BİRİNCİ İNÖNÜ MUHAREBESİ(6-11 Ocak 1921)
Özen TOPÇU
Giriş
Katılanlar ve verilen zayiatlar açısından bakıldığında küçük çapta bir çatışma sayılabilecek olan Birinci İnönü Muharebesi, sağladığı sonuçlar bakımından fevkalade önemlidir. Bizler için bir ölüm kalım niteliği taşır. En zayıf en çaresiz bir durumda kazandığımız bu zafer Ankara’yı rahatlatmış, Büyük Millet Meclisi derin bir nefes almıştır. Bu muharebede Türk ordusunun gücü; 417 subay, 8.500 er, 5.500 tüfek, 47 makineli tüfek ve 28 toptan ibaretti. Yunanlılar ise; 472 subay, 16.250 er, 12.500 tüfek, 270 hafif,120 ağır makineli tüfek ve 72 toptan oluşuyordu.[1]
Savaş sonunda iki tarafın zayiatları ise; Türkler; 4 subay, 117 er şehit, 5 subay, 29er esir, Yunanlılar; 8 subay, 49 er ölü, 9 subay, 143 er kayıp şeklindedir.Rakamlar üzerinden bakıldığında tablo budur. Ancak, bir savaşın önemi,katılanların, ölenlerin ve silahların sayısı ile değil; askerî, sosyal vesiyasal sonuçları ile değerlendirilir. Turgut Özakman bu konuda, Kadir Mısıroğlu’nun Millî Mücadele’yi küçük düşürücü, “Dokuz bin küsür şehide mal olan Türk-Yunan Harbi’nden, yılda birkaç bayram çıkaranlar…” şeklindeki sözlerine karşılık olarak şu değerlendirmeyi yapar:
“Millî Mücadele’nin önemini ölü sayısı ile açıklamaya çalışıyorlar.
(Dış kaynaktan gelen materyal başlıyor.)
(* In the setting described in the context, define $\Delta_u(\eta,e_1,e_2):=\hat u(\eta,e_1,e_2)-\hat u(\eta,0,0)$. Fix $\delta>0$. For every $R\in(0,\min\{a,b\})$ there exists $C_R>0$ such that $$|\Delta_u(\eta,e_1,e_2)|\le C_R(|e_1|+|e_2|)$$ for all $\eta\in\mathcal T_R:=\{\eta\in\mathbb{R}^2: r(\eta)\le R\}$ and all $e_1,e_2\in\mathbb{R}$ with $|e_1|+|e_2|\le\delta$.
   Context: Let $A>0$. For $i\in\{1,2\}$ let $k_i,\mu_i,g_i:[0,A]\to\mathbb{R}_{\ge0}$ be continuous with positive integrals over $[0,A]$, and let $\zeta_i>0$ solve $\int_0^Ak_i(a)e^{-\int_0^a(\zeta_i+\mu_i(s))ds}da=1$. For continuous nonnegative $k,\mu,g$ and $\zeta\in\mathbb{R}$: $\mathcal G_\kappa(k,\mu,\zeta)=\int_0^A a k(a)e^{-\int_0^a(\zeta+\mu)}da$, $\mathcal G_\gamma(g,\zeta,\mu)=\int_0^A g(a)e^{-\int_0^a(\zeta+\mu)}da$, $\mathcal G_\pi(k,\mu,\zeta)(a)=\int_a^A k(s)e^{\int_s^a(\zeta+\mu(l))dl}ds$. Let $\langle f,h\rangle=\int_0^Afh$, $n_i(a)=e^{-\int_0^a(\zeta_i+\mu_i)}$, $\gamma_1=\mathcal G_\gamma(g_1,\zeta_2,\mu_2)$, $\gamma_2=\mathcal G_\gamma(g_2,\zeta_1,\mu_1)$. Let $\varepsilon>0$, $\beta>\frac{\varepsilon}{4(1+\varepsilon)}$, $x_1^*(0)>\frac{1}{\zeta_2\gamma_2}$, $a:=\frac{1}{x_1^*(0)\gamma_2}$, $b:=\zeta_1-\zeta_2+a=\gamma_1x_2^*(0)>0$ (defining $x_2^*(0)>0$). For $e_1,e_2\in\mathbb{R}$: $\hat\zeta_i=\zeta_i-e_i$, $\hat\kappa_i=\mathcal G_\kappa(k_i,\mu_i,\hat\zeta_i)$, $\hat\gamma_1=\mathcal G_\gamma(g_1,\hat\zeta_2,\mu_2)$, $\hat\gamma_2=\mathcal G_\gamma(g_2,\hat\zeta_1,\mu_1)$, $\hat\pi_{0,i}=\mathcal G_\pi(k_i,\mu_i,\hat\zeta_i)$, and $\hat u(\eta,e_1,e_2)=\hat\zeta_2-\frac{1}{x_1^*(0)\hat\gamma_2}+\beta\big[(1+\varepsilon)(\hat\zeta_2-\hat\zeta_1)-\frac{\varepsilon}{x_1^*(0)\hat\gamma_2}-\frac{\hat\kappa_1}{\hat\gamma_2\langle\hat\pi_{0,1},n_1\rangle x_1^*(0)}e^{-\eta_1}+(1+\varepsilon)\frac{\hat\gamma_1\langle\hat\pi_{0,2},n_2\rangle x_2^*(0)}{\hat\kappa_2}e^{\eta_2}\big]$ for $\eta=(\eta_1,\eta_2)\in\mathbb{R}^2$. Also $\phi_1(\eta_1)=a(1-e^{-\eta_1})$, $\phi_2(\eta_2)=b(e^{\eta_2}-1)$, $r(\eta)=\sqrt{\phi_1(\eta_1)^2+\phi_2(\eta_2)^2}$. *)

From Stdlib Require Import Reals.
From Coquelicot Require Import Coquelicot.
Open Scope R_scope.
(* The trace terms of Ric(a, b) and Ric(b, a) agree by tr (AB) = tr (BA). *)
Lemma total_ricci_mixed_skew (G : X -> X) a b : adapted G -> G a = - a -> G b = b ->
  total_ricci ip br e f G D a b - total_ricci ip br e f G D b a
  = div (br a b) - rho a (div b) + rho b (div a).
Proof.
move=> adG Ga Gb.
have Gb' : - G b = - b by rewrite Gb.
have Ga' : - G a = a by rewrite Ga opprK.
rewrite (total_ricci_mixedE adG Ga Gb) -(total_ricciN G b a).
rewrite (total_ricci_mixedE (adaptedN adG) Gb' Ga') pplusN.
rewrite (bracket_mixedC adG (or_intror (conj Ga Gb))).
rewrite (additiveN (linear_forD (pminus_linear adG))) (additiveN divD).
have div_split : div (br a b) = div (pplus G (br a b)) + div (pminus G (br a b)).
  by rewrite -divD pplus_add_pminus.
have traces : tr (fun c => D (D (pplus G c) a) b) = tr (fun c => D (D (pminus G c) b) a).
  have AL : linear (fun c => D (pplus G c) a).
    by move=> k x y; rewrite (pplus_linear adG) D_linearl.
  have BL : linear (fun c => D (pminus G c) b).
    by move=> k x y; rewrite (pminus_linear adG) D_linearl.
  rewrite (eq_frame_trace (B := fun c => D (pminus G (D (pplus G c) a)) b)).
    rewrite (frame_traceC BL AL); apply: eq_frame_trace => c.
    by rewrite (pplus_id (D_plus adG _ Gb)).
  by move=> c; rewrite (pminus_id (D_minus adG _ Ga)).
rewrite traces div_split; ring.
Qed.

Lemma total_ricci_split (G : X -> X) a b : adapted G ->
  total_ricci ip br e f G D a b
  = total_ricci ip br e f G D (pminus G a) (pplus G b)
    + total_ricci ip br e f G D (pplus G a) (pminus G b).
Proof.
move=> adG.
have splitl x y : total_ricci ip br e f G D x y
    = total_ricci ip br e f G D (pplus G x) y + total_ricci ip br e f G D (pminus G x) y.
  rewrite /total_ricci -frame_traceD; apply: eq_frame_trace => c.
  rewrite /total_curv (pminus_eq0 (pplusV adG x)) (pplus_id (pplusV adG x)).
  rewrite (pplus_eq0 (pminusV adG x)) (pminus_id (pminusV adG x)).
  by rewrite !naive_curv0 addr0 add0r addrC.
have splitr x y : total_ricci ip br e f G D x y
    = total_ricci ip br e f G D x (pplus G y) + total_ricci ip br e f G D x (pminus G y).
  rewrite /total_ricci -frame_traceD; apply: eq_frame_trace => c.
  by rewrite /total_curv -[in LHS](pplus_add_pminus G y) !naive_curvDr addrACA.
rewrite splitl splitr [total_ricci _ _ _ _ _ _ (pminus G a) b]splitr.
rewrite (total_ricci_plus0 adG (pplusV adG a) (pplusV adG b)).
rewrite (total_ricci_minus0 adG (pminusV adG a) (pminusV adG b)).
by rewrite add0r addr0 addrC.
Qed.

Lemma compatible_of_total_ricci_sym (G : X -> X) : adapted G ->
  (forall a b, total_ricci ip br e f G D a b = total_ricci ip br e f G D b a) ->
  compatible_pair rho br G div.
Proof.
move=> adG sym a b [[Ga Gb]|[Ga Gb]].
  by rewrite -(total_ricci_mixed_skew adG Ga Gb) sym subrr.
have := total_ricci_mixed_skew adG Gb Ga; rewrite sym subrr => /esym skew0.
rewrite (bracket_mixedC adG (or_intror (conj Gb Ga))) (additiveN divD).
by apply/eqP; rewrite -oppr_eq0 -skew0; apply/eqP; ring.
Qed.

Lemma total_ricci_sym_of_compatible (G : X -> X) : adapted G ->
  compatible_pair rho br G div ->
  forall a b, total_ricci ip br e f G D a b = total_ricci ip br e f G D b a.
Proof.
move=> adG compat a b.
have mixed_sym x y : G x = - x -> G y = y ->
    total_ricci ip br e f G D x y = total_ricci ip br e f G D y x.
  move=> Gx Gy; apply/eqP; rewrite -subr_eq0 (total_ricci_mixed_skew adG Gx Gy).
  by apply/eqP/compat; left.
rewrite (total_ricci_split a b adG) (total_ricci_split b a adG).
rewrite (mixed_sym (pminus G a) (pplus G b)) ?(pminusV adG) ?(pplusV adG) //.
by rewrite (mixed_sym (pminus G b) (pplus G a)) ?(pminusV adG) ?(pplusV adG) // addrC.
Qed.

End CourantAlgebroid.

Theorem theorem4p6 (R : realType) (C : comAlgType R) (X : lmodType C)
  (ip : X -> X -> C) (rho : X -> C -> C) (br : X -> X -> X)
  (n : nat) (e f : 'I_n -> X)
  (G : X -> X) (div : X -> C) (D : X -> X -> X) :
  courant_algebroid ip rho br e f ->
  generalized_metric ip G ->
  divergence_op rho div ->
  gen_connection ip rho D ->
  metric_connection G D ->
  has_divergence ip e f D div ->
  pure_type_torsion ip br G D ->
  ((forall a b, total_ricci ip br e f G D a b = total_ricci ip br e f G D b a)
   <-> compatible_pair rho br G div).
Proof.
move=> courant metricG div_op connection metricD D_div pureT.
have adG : adapted ip br D G by split.
split.
- exact: (compatible_of_total_ricci_sym courant div_op connection D_div adG).
- exact: (total_ricci_sym_of_compatible courant div_op connection D_div adG).
Qed.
Hayretlik ve ibretlik bir yaklaşım. Bir mücadelenin önemi ile katılanların, ateş gücünün ve ölenlerin sayısının ne ilgisi var? İki yanın savaşçılarının toplamı 2.000 kişi olduğu Bedir Savaşı, tarihin en önemli savaşlarından biridir. Enver Paşa’nın yönettiği Sarıkamış Taarruzu ise, 100 bine yakın kayba mal olmuş ve hiçbir işe yaramamıştır.”[2]
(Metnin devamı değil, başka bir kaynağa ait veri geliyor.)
(* Let $\mathcal A$ be a linear time-invariant algorithm with $n$ oracles and realization $(A,B,C,D)$, let $\kappa\subseteq[n]$ with $\bar\kappa=[n]\setminus\kappa$ and $D[\kappa]$ invertible. If $\mathcal A$ converges to a fixed point $(y[\kappa]^\star,y[\bar\kappa]^\star,u[\kappa]^\star,u[\bar\kappa]^\star,x^\star)$, then its conjugate $\mathcal B=\mathcal C_\kappa\mathcal A$ converges to the fixed point $(u[\kappa]^\star,y[\bar\kappa]^\star,y[\kappa]^\star,u[\bar\kappa]^\star,x^\star)$.
   Context: $\mathcal A$ generates $x^{k+1}=Ax^k+Bu^k$, $y^k=Cx^k+Du^k$, $u^k=\phi(y^k)$, where the oracles are (sub)gradients $\partial f_i$, $i\in[n]$; $y[\kappa],u[\kappa]$ denote the components of oracle arguments/outputs belonging to oracles in $\kappa$, and $D[\kappa]$ the corresponding diagonal block of $D$. A fixed point is a tuple of oracle arguments, oracle outputs and state satisfying $x^\star=Ax^\star+Bu^\star$, $y^\star=Cx^\star+Du^\star$, $u^\star=\phi(y^\star)$ (listed as arguments, then outputs, then state). The conjugation $\mathcal C_\kappa\mathcal A$ rewrites $\mathcal A$ to call $\partial f_i^\star=(\partial f_i)^{-1}$ instead of $\partial f_i$ for $i\in\kappa$, so that for these oracles the argument and output are swapped (the new oracle argument is the old output and vice versa); its realization is obtained by solving the $\kappa$-rows of $y=Cx+Du$ for $u[\kappa]$. *)

From HB Require Import structures.
From mathcomp Require Import all_boot all_order all_algebra.
From mathcomp Require Import all_classical all_reals all_analysis.
Import Order.TTheory GRing.Theory Num.Theory.
Import numFieldNormedType.Exports.
Local Open Scope ring_scope.
Local Open Scope classical_set_scope.

(*  - m : total number of scalar components of the oracle-argument vector y *)
(*        (and of the oracle-output vector u, same size).                   *)
(*  - n : number of oracles; own j : 'I_n says to which oracle the scalar   *)
(*        component j : 'I_m belongs (so oracle i acts on the block of      *)
(*        components [set j | own j == i], of arbitrary dimension).          *)

Section Defs.
Context {R : realType}.

(* selection matrix of the components in S (in increasing order):
   (Sel S)^T *m v = v[S], and Sel S *m w embeds w back into 'cV_m. *)
Definition Sel {m : nat} (S : {set 'I_m}) : 'M[R]_(m, #|S|) :=
  \matrix_(j < m, k < #|S|) ((j == enum_val k)%:R).

Definition ocomp {m n : nat} (own : 'I_m -> 'I_n) (i : 'I_n) : {set 'I_m} :=
  [set j | own j == i].
Definition compK {m n : nat} (own : 'I_m -> 'I_n) (kappa : {set 'I_n})
  : {set 'I_m} := [set j | own j \in kappa].

Definition blk {m n : nat} (own : 'I_m -> 'I_n) (i : 'I_n) (v : 'cV[R]_m)
  : 'cV[R]_#|ocomp own i| := (Sel (ocomp own i))^T *m v.

Definition subgrad {d : nat} (f : 'cV[R]_d -> \bar R) (y g : 'cV[R]_d) : Prop :=
  f y \is a fin_num /\
  forall z : 'cV[R]_d, (f y + ((g^T *m (z - y)) 0 0)%:E <= f z)%E.

(* Oracle i is \partial f_i if i \notin conj, and
   (\partial f_i)^{-1} = \partial f_i^* if i \in conj, i.e. the output u_i
   satisfies  y_i \in \partial f_i (u_i). *)
Definition oracle {m n : nat} (own : 'I_m -> 'I_n)
  (f : forall i : 'I_n, 'cV[R]_#|ocomp own i| -> \bar R)
  (conj : {set 'I_n}) (y u : 'cV[R]_m) : Prop :=
  forall i : 'I_n,
    if i \in conj then subgrad (f i) (blk own i u) (blk own i y)
    else subgrad (f i) (blk own i y) (blk own i u).

Definition trajectory {p m n : nat} (own : 'I_m -> 'I_n)
  (f : forall i : 'I_n, 'cV[R]_#|ocomp own i| -> \bar R) (conj : {set 'I_n})
  (A : 'M[R]_p) (B : 'M[R]_(p, m)) (C : 'M[R]_(m, p)) (D : 'M[R]_m)
  (x : nat -> 'cV[R]_p) (y u : nat -> 'cV[R]_m) : Prop :=
  forall k : nat,
    [/\ x k.+1 = A *m x k + B *m u k,
        y k = C *m x k + D *m u k &
        oracle own f conj (y k) (u k)].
Prof. Dr.Nuri Köstüklü, bu muharebeye sadece Türk-Yunan savaşı gözüyle bakmaz. Düzenli ordunun emperyalizmle ilk karşılaşması olarak görür. Bu konuda şunları yazar:
“Görünüşte cereyan eden muharebe Türk-Yunan çatışmasıdır. Ancak gerçek ise bu, yalnızca Türk-Yunan çatışması olmayıp, taraflardan biri Türk, diğeri ise Yunan’ın nezdinde, Avrupa politikasını elinde tutan İngiliz’dir. Dolayısıyla bütün Hristiyan Avrupa’dır. Bir başka ifadeyle bu, “Şark Meselesi”nin halli yolunda atılan ilk adımdır. Meseleyi böyle değerlendirmek lazımdır. Yalnızca İnönü değil, Millî Mücadele boyunca devam eden bütün Türk-Yunan muharebeleri bu çerçevede değerlendirilmelidir.”[3]
Muharebe Öncesi Durum
1920 yılının sonlarına doğru Yunanistan’da rejim değişikliği oldu. 1917’de, Almanlarla iş birliğiyaptığı için gözden düşerek sürgüne gönderilen Kral Konstantin tekrar tahtageçme fırsatı yakaladı. Tahtından resmen feragat etmemiş olan ve sürgünde bulunan kral, Türk-Yunan Savaşı’nı devam ettirdiği takdirde İngiliz desteğini sağlayabileceğini bilerek 9 Aralık 1920’de Atina’ya geldi. Yunanistan’daki bu değişiklik bir rastlantıdan doğmuştu. 1920 Ekim ayında, genç Kral Alexandre, sarayın bahçesinde bir çift maymun yavrusunun maskaralıklarını seyrederken maymunlardan biri tarafından ısırılır ve bir süre sonra da ölür.[4]Bu olay sonrası tekrar tahtına oturan Kral Konstantin de “Megaliİdea”cılardandı. Büyük destek ve teşvik gördüğü İngilizleri memnun etmek ve Sevr Antlaşması’ndan kendine düşecek payı almak için Anadolu Savaşı’na devam etmeye karar verdi. Yunan ordusu komutanı Papulas da yeni hükûmetine, Türk ordusu henüz kuruluş aşamasında iken, yeterince kuvvetlenmeden bir keşif taarruzu yapılmasını teklif etti. Çerkez Ethem’in ayaklanmasını yakından takip eden Yunanlılar bu fırsatı kaçırmak istemediler. Türk milislerinin en kuvvetlisi Ethem ayaklanmış ve Türkler birbirleriyle savaşa başlamışlardı.[5]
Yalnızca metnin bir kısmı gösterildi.